- Data provided:
Lemma sec_lt a b : 0 < a -> a < b -> b < PI/2 -> / cos a < / cos b.
Proof.
  intros. pose proof PI_RGT_0.
  destruct (trig_quarter a ltac:(lra)) as [[Ha _] _].
  destruct (trig_quarter b ltac:(lra)) as [[Hb _] _].
  apply Rinv_lt_contravar; [nra|]. apply cos_decreasing_1; lra.
Qed.

Lemma sec_le a b : 0 < a -> a <= b -> b < PI/2 -> / cos a <= / cos b.
Proof. intros Ha [Hab|Hab] Hb; [left; apply sec_lt; auto | subst; lra]. Qed.

Lemma q_pos a : 0 < a < PI/2 -> 0 < q a.
Proof.
  intro H. destruct (trig_quarter a H) as [[Hc _] Hs].
  assert (0 < tan a) by (unfold tan; apply Rdiv_lt_0_compat; lra).
  assert (0 < / cos a) by (apply Rinv_0_lt_compat; lra).
  unfold q. apply Rdiv_lt_0_compat; [|lra]. apply Rmult_lt_0_compat.
  - apply Rmult_lt_0_compat; [lra| apply pow_lt; lra].
  - apply sqrt_lt_R0. auto.
Qed.

Lemma q_sq a : 0 < a < PI/2 -> q a ^ 2 = 4 * sin a ^ 5 * cos a / (4 * cos a + 1) ^ 2.
Proof.
  intro H. destruct (trig_quarter a H) as [[Hc _] Hs].
  assert (Ht : 0 <= tan a) by (unfold tan; left; apply Rdiv_lt_0_compat; lra).
  unfold q.
  replace ((2 * sin a ^ 2 * sqrt (tan a) / (4 + / cos a)) ^ 2) with
    (4 * sin a ^ 4 * (sqrt (tan a) * sqrt (tan a)) / (4 + / cos a) ^ 2) by (field; lra).
  rewrite (sqrt_sqrt _ Ht). unfold tan. field. lra.
Qed.

Lemma q_pow4 a : 0 < a < PI/2 -> q a ^ 4 = 16 * G (/ cos a).
Proof.
  intro H. destruct (trig_quarter a H) as [[Hc _] _].
  replace (q a ^ 4) with ((q a ^ 2) ^ 2) by ring. rewrite (q_sq a H).
  replace ((4 * sin a ^ 5 * cos a / (4 * cos a + 1) ^ 2) ^ 2) with
    (16 * (sin a ^ 2) ^ 5 * cos a ^ 2 / (4 * cos a + 1) ^ 4) by (field; lra).
  rewrite sin2_quarter. unfold G. field. lra.
Qed.

Lemma q_lt_of_G a b : 0 < a < PI/2 -> 0 < b < PI/2 ->
  G (/ cos a) < G (/ cos b) -> q a < q b.
Proof.
  intros Ha Hb HG. pose proof (q_pow4 a Ha). pose proof (q_pow4 b Hb).
  pose proof (q_pos a Ha). pose proof (q_pos b Hb).
  destruct (Rlt_le_dec (q a) (q b)) as [|[Hlt|Heq]]; auto.
  - pose proof (pow_lt_compat (q b) (q a) 3 ltac:(lra) Hlt). lra.
  - rewrite Heq in *. lra.
Qed.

- Problem statement:
The exact lines from the one containing "intros Ha Hb" through the end of the listing above are the expected output; include nothing else.

- Response box:
  intros Ha Hb HG. pose proof (q_pow4 a Ha). pose proof (q_pow4 b Hb).
  pose proof (q_pos a Ha). pose proof (q_pos b Hb).
  destruct (Rlt_le_dec (q a) (q b)) as [|[Hlt|Heq]]; auto.
  - pose proof (pow_lt_compat (q b) (q a) 3 ltac:(lra) Hlt). lra.
  - rewrite Heq in *. lra.
Qed.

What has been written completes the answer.